# TASK DESCRIPTION:
What lines of the data include the string "positive"? Copy them all.

Records from a dataset:
* * * * *

(* Let $\nu$ be a positive Borel measure on $]0,\infty[$ satisfying $$\int_{]0,\infty[} \frac{\nu(\mathrm{d} r)}{1+r} < \infty .$$ For $\omega > 0$ define $$\mathcal{A}_1(\omega) := \omega^2 \int_{]0,\infty[} \frac{\nu(\mathrm{d} r)}{\omega^2 + r^2}, \qquad \mathcal{D}_1(\omega) := \omega \int_{]0,\infty[} \frac{r\,\nu(\mathrm{d} r)}{\omega^2 + r^2}.$$ Then, as $\omega \to \infty$: (1) $\mathcal{A}_1(\omega)/\omega \to 0$ and $\mathcal{D}_1(\omega)/\omega \to 0$; (2) if moreover $M := \int_{]0,\infty[} \nu(\mathrm{d} r) < \infty$, then $\mathcal{A}_1(\omega) \to M$.
   Context: The functions $\mathcal{A}_1(\omega) = \mathrm{Re}\, b(-\mathrm{i}\omega)$ and $\mathcal{D}_1(\omega) = -\mathrm{Im}\, b(-\mathrm{i}\omega)$ are the attenuation and dispersion functions associated with an admissible dispersion-attenuation function $b(p) = p\int_{]0,\infty[} \frac{\nu(\mathrm{d} r)}{p+r}$, where $\nu$ (the dispersion-attenuation spectral measure) is a positive measure satisfying the integrability condition above. *)

From HB Require Import structures.
From mathcomp Require Import all_boot all_order all_algebra.
From mathcomp Require Import all_classical all_reals all_analysis.
Set Implicit Arguments. Unset Strict Implicit. Unset Printing Implicit Defensive.
Import Order.TTheory GRing.Theory Num.Theory.
Import numFieldNormedType.Exports.
Local Open Scope classical_set_scope.
Local Open Scope ring_scope.

Definition A1 (R : realType) (nu : {measure set R -> \bar R}) (w : R) : R :=
  w ^+ 2 * Rintegral nu `]0%R, +oo[ (fun r => (w ^+ 2 + r ^+ 2)^-1).

Definition D1 (R : realType) (nu : {measure set R -> \bar R}) (w : R) : R :=
  w * Rintegral nu `]0%R, +oo[ (fun r => r / (w ^+ 2 + r ^+ 2)).

From HB Require Import structures.
From mathcomp Require Import all_boot all_order all_algebra.
From mathcomp Require Import all_classical all_reals all_analysis.
From mathcomp Require Import measurable_realfun.
From mathcomp Require Import ring lra.
Import Order.TTheory GRing.Theory Num.Theory.
Import numFieldNormedType.Exports.
Local Open Scope classical_set_scope.
Local Open Scope ring_scope.

(* A_1(w)/w, D_1(w)/w and A_1(w) are the nu-integrals of the kernels
   w/(w^2+r^2), r/(w^2+r^2) and w^2/(w^2+r^2).  For w >= 1 the first two are
   bounded by 2/(1+r), which is nu-integrable by hypothesis, and the third by 1,
   which is nu-integrable when nu has finite mass.  Pointwise in r > 0 the
   kernels tend to 0, 0 and 1 as w -> +oo, so dominated convergence gives the
   three limits. *)

Section dominated_convergence_pinfty.
Context {d : measure_display} {T : measurableType d} {R : realType}.
Context (mu : {measure set T -> \bar R}) {D : set T} (mD : measurable D).
Context {k : R -> T -> R} {l g : T -> R} {w0 : R}.
Hypothesis mk : forall w, w0 <= w -> measurable_fun D (k w).
Hypothesis ig : mu.-integrable D (EFin \o g).
Hypothesis kg : forall w x, w0 <= w -> D x -> `|k w x| <= g x.
Hypothesis kl : forall x, D x -> k w x @[w --> +oo] --> l x.

Lemma cvg_Rintegral_dominated :
  \int[mu]_(x in D) k w x @[w --> +oo] --> \int[mu]_(x in D) l x.
Proof.
(* Lebesgue's theorem is about sequences: test the limit along u_n --> +oo,
   clamped so as to stay above w0. *)
apply/cvg_pinftyP => u u_oo.
pose v n := Num.max w0 (u n).
have v_ge n : w0 <= v n by rewrite le_max lexx.
have v_oo : v n @[n --> \oo] --> +oo.
  apply/cvgryPge => A; move/cvgryPge: u_oo => /(_ A); apply: filterS => n.
  by move/le_trans; apply; rewrite le_max lexx orbT.
pose f_ n := EFin \o k (v n).
have mf_ n : measurable_fun D (f_ n) by exact/measurable_EFinP/mk.
have f_l x : D x -> f_ ^~ x @ \oo --> (EFin \o l) x.
  move=> Dx; apply: cvg_EFin; first exact: nearW.
  exact: cvg_comp v_oo (kl x Dx).
have f_g n x : D x -> (`|f_ n x| <= (EFin \o g) x)%E.
  by move=> Dx; rewrite /= lee_fin kg.
have il : mu.-integrable D (EFin \o l).
  exact: lebesgue_integral_dominated_convergence.dominated_integrable
    mD f_ _ _ mf_ f_l ig f_g.
have := @dominated_cvg _ _ _ mu _ mD f_ _ (EFin \o g)
  mf_ f_l (fun _ _ => isT) ig f_g.
rewrite -(fineK (integrable_fin_num mD il)) => /fine_cvg.
apply: cvg_trans; apply: near_eq_cvg.
have [n0 _ u_ge] := proj1 (cvgryPge u) u_oo w0.
exists n0 => // n /u_ge u_n /=.
by rewrite /f_ /v (max_idPr u_n).
Qed.

End dominated_convergence_pinfty.

Lemma ler_pdiv_cross (R : numFieldType) (a b c e : R) :
  0 < b -> 0 < c -> a * c <= e * b -> a / b <= e / c.
Proof. by move=> b0 c0; rewrite ler_pdivrMr // mulrAC ler_pdivlMr. Qed.

Lemma cvgr_dist_le_div (R : realType) (f : R -> R) (l c : R) :
  (forall w, 1 <= w -> `|l - f w| <= c / w) -> f w @[w --> +oo] --> l.
Proof.
move=> fl; apply/cvgrPdist_le => e e0; near=> w.
have w1 : 1 <= w by near: w; exact/nbhs_pinfty_ge/num_real.
have ce : c / e <= w by near: w; exact/nbhs_pinfty_ge/num_real.
apply: le_trans (fl w w1) _.
by rewrite ler_pdivrMr ?(lt_le_trans ltr01) // mulrC -ler_pdivrMr.
Unshelve. all: by end_near.
Qed.

Section sqrD_kernels.
Context {R : realType}.
Implicit Types w r : R.

Lemma sqrD_gt0 w r : 1 <= w -> 0 < w ^+ 2 + r ^+ 2.
Proof. by move=> w1; rewrite ltr_pwDl ?sqr_ge0 // exprn_gt0 // (lt_le_trans ltr01). Qed.

Lemma sqrD_ge w r : 1 <= w -> w <= w ^+ 2 + r ^+ 2.
Proof. by move=> w1; have := sqr_ge0 r; rewrite !expr2; nra. Qed.

Lemma norm_divw_sqrD_le w r : 1 <= w -> 0 < r ->
  `|w / (w ^+ 2 + r ^+ 2)| <= 2 / (1 + r).
Proof.
move=> w1 r0; have d0 := sqrD_gt0 w r w1.
rewrite ger0_norm; last by rewrite divr_ge0 ?ltW //; lra.
apply: ler_pdiv_cross => //; first lra.
nra.
Qed.

Lemma norm_divr_sqrD_le w r : 1 <= w -> 0 < r ->
  `|r / (w ^+ 2 + r ^+ 2)| <= 2 / (1 + r).
Proof.
move=> w1 r0; have d0 := sqrD_gt0 w r w1.
rewrite ger0_norm; last by rewrite divr_ge0 ?ltW.
have w2 : 1 <= w ^+ 2 by rewrite expr2; nra.
have := sqr_ge0 (r - 1); rewrite expr2 => r1.
apply: ler_pdiv_cross => //; first lra.
nra.
Qed.

Lemma norm_sqr_div_sqrD_le1 w r : 1 <= w -> `|w ^+ 2 / (w ^+ 2 + r ^+ 2)| <= 1.
Proof.
move=> w1; have d0 := sqrD_gt0 w r w1.
rewrite ger0_norm; last by rewrite divr_ge0 ?sqr_ge0 ?ltW.
by rewrite ler_pdivrMr // mul1r lerDl sqr_ge0.
Qed.

Lemma divw_sqrD_cvg0 r : w / (w ^+ 2 + r ^+ 2) @[w --> +oo] --> 0.
Proof.
apply: (@cvgr_dist_le_div _ _ _ 1) => w w1; have d0 := sqrD_gt0 w r w1.
rewrite sub0r normrN ger0_norm; last by rewrite divr_ge0 ?ltW //; lra.
apply: ler_pdiv_cross => //; first lra.
by have := sqrD_ge w r w1; nra.
Qed.

Lemma divr_sqrD_cvg0 r : 0 <= r -> r / (w ^+ 2 + r ^+ 2) @[w --> +oo] --> 0.
Proof.
move=> r0; apply: (@cvgr_dist_le_div _ _ _ r) => w w1; have d0 := sqrD_gt0 w r w1.
rewrite sub0r normrN ger0_norm; last by rewrite divr_ge0 // ltW.
apply: ler_pdiv_cross => //; first lra.
by have := sqrD_ge w r w1; nra.
Qed.

Lemma sqr_div_sqrD_cvg1 r : w ^+ 2 / (w ^+ 2 + r ^+ 2) @[w --> +oo] --> (1 : R).
Proof.
apply: (@cvgr_dist_le_div _ _ _ (r ^+ 2)) => w w1; have d0 := sqrD_gt0 w r w1.
have -> : 1 - w ^+ 2 / (w ^+ 2 + r ^+ 2) = r ^+ 2 / (w ^+ 2 + r ^+ 2).
  by field; rewrite gt_eqF.
rewrite ger0_norm; last by rewrite divr_ge0 ?sqr_ge0 ?ltW.
apply: ler_pdiv_cross => //; first lra.
by have := sqrD_ge w r w1; have := sqr_ge0 r; nra.
Qed.

Lemma measurable_fun_div_sqrD {D : set R} {c : R -> R} w :
  measurable D -> 1 <= w -> continuous c ->
  measurable_fun D (fun r => c r / (w ^+ 2 + r ^+ 2)).
Proof.
move=> mD w1 cc; apply: measurable_funTS; apply: continuous_measurable_fun => r.
apply: cvgM; first exact: cc.
apply: cvgV; first by rewrite gt_eqF ?sqrD_gt0.
by apply: cvgD; [exact: cvg_cst | rewrite expr2; apply: cvgM; exact: cvg_id].
Qed.

End sqrD_kernels.

Section attenuation_dispersion_asymptotics.
Variables (R : realType) (nu : {measure set R -> \bar R}).
Local Notation I := (`]0%R, +oo[%classic : set R).
Hypothesis nu_int : (\int[nu]_(r in I) ((1 + r)^-1)%:E < +oo)%E.

Let mI : measurable I. Proof. exact: measurable_itv. Qed.

Let I_gt0 {r} : I r -> 0 < r.
Proof. by rewrite /= in_itv /= andbT. Qed.

Lemma integrable_2_div1D : nu.-integrable I (EFin \o fun r => 2 / (1 + r)).
Proof.
have m1D : measurable_fun I (fun r : R => (1 + r)^-1).
  apply: open_continuous_measurable_fun; first exact: rray_open.
  move=> r; rewrite inE => /I_gt0 r0; apply: cvgV; first by rewrite gt_eqF //; lra.
  by apply: cvgD; [exact: cvg_cst | exact: cvg_id].
have i1D : nu.-integrable I (EFin \o fun r => (1 + r)^-1).
  apply/integrableP; split; first exact/measurable_EFinP.
  rewrite (eq_integral (fun r : R => ((1 + r)^-1)%:E)) // => r /[!inE] /I_gt0 r0.
  by rewrite /= ger0_norm // invr_ge0; lra.
by apply: (eq_integrable mI _ _ _ (integrableZl mI 2 i1D)) => r _; rewrite /= EFinM.
Qed.

Lemma integrable_inv_sqrD w : 1 <= w ->
  nu.-integrable I (EFin \o fun r => (w ^+ 2 + r ^+ 2)^-1).
Proof.
move=> w1; apply: le_integrable integrable_2_div1D => //.
  apply/measurable_EFinP.
  apply: eq_measurable_fun (measurable_fun_div_sqrD w mI w1 (@cst_continuous R R 1)).
  by move=> r _; exact: mul1r.
move=> r /I_gt0 r0; have d0 := sqrD_gt0 w r w1.
have i0 : 0 <= (w ^+ 2 + r ^+ 2)^-1 by rewrite invr_ge0 ltW.
have q0 : 0 <= 2 / (1 + r) by rewrite divr_ge0 //; lra.
have := norm_divw_sqrD_le w r w1 r0.
rewrite ger0_norm; last by rewrite divr_ge0 // ltW // (lt_le_trans ltr01).
move=> h; rewrite /= lee_fin !ger0_norm //; apply: le_trans h.
exact: ler_peMl.
Qed.

Let eventually_ge1 : \forall w \near +oo, (1 : R) <= w.
Proof. exact/nbhs_pinfty_ge/num_real. Qed.

Lemma A1_div_cvg0 : A1 nu w / w @[w --> +oo] --> 0.
Proof.
have := cvg_Rintegral_dominated nu mI (l := fun _ => 0) (w0 := 1)
  (fun w w1 => measurable_fun_div_sqrD w mI w1 (@cst_continuous R R w))
  integrable_2_div1D (fun w r w1 r0 => norm_divw_sqrD_le w r w1 (I_gt0 r0))
  (fun r _ => divw_sqrD_cvg0 r).
rewrite Rintegral_cst // mul0r => lim0; apply: cvg_trans lim0; apply: near_eq_cvg.
apply: filterS eventually_ge1 => w w1 /=.
have w0 : w != 0 by rewrite gt_eqF // (lt_le_trans ltr01).
by rewrite /A1 mulrAC expr2 mulfK // -RintegralZl // integrable_inv_sqrD.
Qed.

Lemma D1_div_cvg0 : D1 nu w / w @[w --> +oo] --> 0.
Proof.
have cid : continuous (@id R) by move=> r; exact: cvg_id.
have := cvg_Rintegral_dominated nu mI (l := fun _ => 0) (w0 := 1)
  (fun w w1 => measurable_fun_div_sqrD w mI w1 cid)
  integrable_2_div1D (fun w r w1 r0 => norm_divr_sqrD_le w r w1 (I_gt0 r0))
  (fun r r0 => divr_sqrD_cvg0 r (ltW (I_gt0 r0))).
rewrite Rintegral_cst // mul0r => lim0; apply: cvg_trans lim0; apply: near_eq_cvg.
apply: filterS eventually_ge1 => w w1 /=.
have w0 : w != 0 by rewrite gt_eqF // (lt_le_trans ltr01).
by rewrite /D1 [w * _]mulrC mulfK.
Qed.

Lemma A1_cvg_mass : (nu I < +oo)%E -> A1 nu w @[w --> +oo] --> fine (nu I).
Proof.
move=> nuI; have i1 : nu.-integrable I (EFin \o fun _ => 1).
  apply/integrableP; split; first exact/measurable_EFinP/measurable_cst.
  under eq_integral do rewrite /= normr1.
  by rewrite integral_cst // mul1e.
have := cvg_Rintegral_dominated nu mI (l := fun _ => 1) (w0 := 1)
  (fun w w1 => measurable_fun_div_sqrD w mI w1 (@cst_continuous R R (w ^+ 2)))
  i1 (fun w r w1 _ => norm_sqr_div_sqrD_le1 w r w1)
  (fun r _ => sqr_div_sqrD_cvg1 r).
rewrite Rintegral_cst // mul1r => lim1; apply: cvg_trans lim1; apply: near_eq_cvg.
apply: filterS eventually_ge1 => w w1 /=.
by rewrite /A1 -RintegralZl // integrable_inv_sqrD.
Qed.

End attenuation_dispersion_asymptotics.

Theorem theorem2 (R : realType) (nu : {measure set R -> \bar R})
  (hnu : (\int[nu]_(r in `]0%R, +oo[) ((1 + r)^-1)%:E < +oo)%E) :
  ((fun w => A1 nu w / w) x @[x --> +oo] --> (0 : R)) /\
  ((fun w => D1 nu w / w) x @[x --> +oo] --> (0 : R)) /\
  ((nu `]0%R, +oo[%classic < +oo)%E ->
     (A1 nu x @[x --> +oo] --> fine (nu `]0%R, +oo[%classic))).
Proof.
split; first exact: A1_div_cvg0.
split; first exact: D1_div_cvg0.
exact: A1_cvg_mass.
Qed.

* * * * *

# RESULT OF THIS TASK:
(* Let $\nu$ be a positive Borel measure on $]0,\infty[$ satisfying $$\int_{]0,\infty[} \frac{\nu(\mathrm{d} r)}{1+r} < \infty .$$ For $\omega > 0$ define $$\mathcal{A}_1(\omega) := \omega^2 \int_{]0,\infty[} \frac{\nu(\mathrm{d} r)}{\omega^2 + r^2}, \qquad \mathcal{D}_1(\omega) := \omega \int_{]0,\infty[} \frac{r\,\nu(\mathrm{d} r)}{\omega^2 + r^2}.$$ Then, as $\omega \to \infty$: (1) $\mathcal{A}_1(\omega)/\omega \to 0$ and $\mathcal{D}_1(\omega)/\omega \to 0$; (2) if moreover $M := \int_{]0,\infty[} \nu(\mathrm{d} r) < \infty$, then $\mathcal{A}_1(\omega) \to M$.
   Context: The functions $\mathcal{A}_1(\omega) = \mathrm{Re}\, b(-\mathrm{i}\omega)$ and $\mathcal{D}_1(\omega) = -\mathrm{Im}\, b(-\mathrm{i}\omega)$ are the attenuation and dispersion functions associated with an admissible dispersion-attenuation function $b(p) = p\int_{]0,\infty[} \frac{\nu(\mathrm{d} r)}{p+r}$, where $\nu$ (the dispersion-attenuation spectral measure) is a positive measure satisfying the integrability condition above. *)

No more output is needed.